One of my biggest mm pet peeves is seeing one half of a couple written as a woman. Cade is definitely such a character, complete with an ‘inner bitch.’ Not to mention calling himself a ‘bitch from hell’ and ‘prima donna’ within a paragraph on eachother and having his displeasure called a ‘girl fight.’ Everything from his personality, thoughts and actions (and all that shame) to how Quinn sees and treats him cues the reader into his role as a female. (And he’s not described as a femme.)

Most significantly though, is the way he has no real control over his sexual urges and the implication that all a man needs is access to ‘have’ him. This is especially obvious when one looks at the magical pull that’s supposed to exist between warlocks and fey. It’s only Cade (the girl) who is helpless to resist or even think in the face of it. Both Quinn and Taliesin seem to function and hunt just fine under its influence.

(As an annoying side note, it’s also inconsistent as the book progresses. It allows Cade different reactions at different times, that according to the rules previous set up in the book he shouldn’t have had. For example, we’re told it’s an effect that always occurs, but Cade meets Percy and Magnus without so much as a twinge.)

Then there is the writing, OMG, the writing. It is really clumsy, not necessarily bad but not such that I sunk into it and lost myself. Things like the use of the word ‘happy’ three times in a paragraph or  boyfriend 33 times in the book, groin 41 times, cock 50 times, lover 70 times, lips 71 times, chuckle 80 times, or kiss 110 flipping times. They’re noticeable in their repetition. (Eventually, I had a hell of a lot more fun clocking these repetitions than reading the actual book.)

Or passages like this: “…feeling a strange disquiet as well as a familiar sexual stirring in his groin, with his cock slowly rising, scenting a possible conquest. He was used to getting rock hard when he saw something he liked but the speedy progression of his current hard-on surprised him.” Well, is it slow or speedy? Or “Jomo chuckled loudly, a deep belly laugh”…a chuckle, by definition, can be neither loud nor a deep belly laugh. It’s not being these things that makes it a chuckle. I highlighted a ton of such passages. For example, at one point we’re told Cade is lying supine while tied into a chair.

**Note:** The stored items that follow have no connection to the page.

Lemma names_ok_upd X k x : names_ok X k -> x != 0 ->
  (forall i, 1 <= i <= k -> x != X i) -> names_ok (upd_name X k.+1 x) k.+1.
Proof.
move=> [X_neq0 injX] x_neq0 x_fresh; rewrite /upd_name; split.
  by move=> i i_range; case: ifP => // /negbT ne_i; apply: X_neq0; lia.
move=> i j; rewrite !inE => i_range j_range.
case: (i =P k.+1) => [->|ne_i]; case: (j =P k.+1) => [->|ne_j] // eq_x.
- by move: (x_fresh j); rewrite eq_x eqxx; lia.
- by move: (x_fresh i); rewrite -eq_x eqxx; lia.
- by apply: injX; rewrite // inE; lia.
Qed.

Lemma repair_step_stage a m X k g : names_ok X k -> 4 <= m %/ 2 ^ k ->
  repair_step (stage a m X k) g ->
  exists x, names_ok (upd_name X k.+1 x) k.+1 /\ g = stage a m (upd_name X k.+1 x) k.+1.
Proof.
move=> okX q_ge4 [gam [x [gam_max gam_best x_neq0 x_fresh ->]]].
have -> := stage_maximal_max_occ okX q_ge4 gam_max (gam_best _ (stage_pair_maximal a okX q_ge4)).
exists x; split.
  apply: names_ok_upd => // i i_range; apply: contra x_fresh => /eqP ->.
  by rewrite /= -map_comp inE; apply/orP; right; apply/map_f; rewrite mem_iota; lia.
rewrite /stage; have -> : iota 1 k.+1 = iota 1 k ++ [:: k.+1].
  by rewrite -(addn1 k) iotaD add1n addn1.
rewrite map_cat /= repl_stage_start // -map_comp.
congr (_ :: _ ++ [:: (_, _)]); last 2 first.
- by rewrite /upd_name eqxx.
- by rewrite /level_pair level_upd.
apply/eq_in_map => i; rewrite mem_iota => i_range /=.
rewrite /upd_name ifN; last lia.
rewrite /level_pair level_upd; last lia.
rewrite repl_head_notin // !inE negb_or eq_sym.
by have := level_neq a okX (_ : i.-1 < k); rewrite andbb; apply; lia.
Qed.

It also often used bigger words than necessary, but not quite in the right context—like the time Quinn kisses Cade on the ‘proboscis.’ A proboscis is “the nose of a mammal, especially when it is long and mobile, such as the trunk of an elephant or the snout of a tapir.” It has been used to describe, in a derogatory way, a person with a large nose, true. But Cade wasn’t suggested to have a particularly big one. So proboscis, while meaning a nose, doesn’t really describe Cade’s nose. So why bother with the $10 word. (And it’s worth noting that I generally love big words in my lit, but it has to be appropriately used.

The exposition is clumsy too. There are a number of lengthy and…well, again, clumsy conversation in which a ton of questions were asked and answered. (This usually happens in bed, before and/or after sex was supposed to have occurred.)

The editing is a disaster. Not only because of the not quite right words, but wrong words, missing words, and mishaps; for example, swimming in the pool when someone’s gone to the pond. A pond, by the way, that must be huge if it requires a buoy. (Where’s the line between a pond and lake?) Plus, good lord, surely an editor would have told the author to cut at least a third of the book.

I found the internal dialogue annoying. Annoying in and of itself, but also because it was italicised in the same manner as Quinn’s inner dialogues with Talisen, making them confuseable. The whole thing was also painfully predictable, with a wooden cardboard cut out villain, prone to cliché monologues.

So in the end, I’m throwing this on the short list of worst books I’ve read this year. Fail!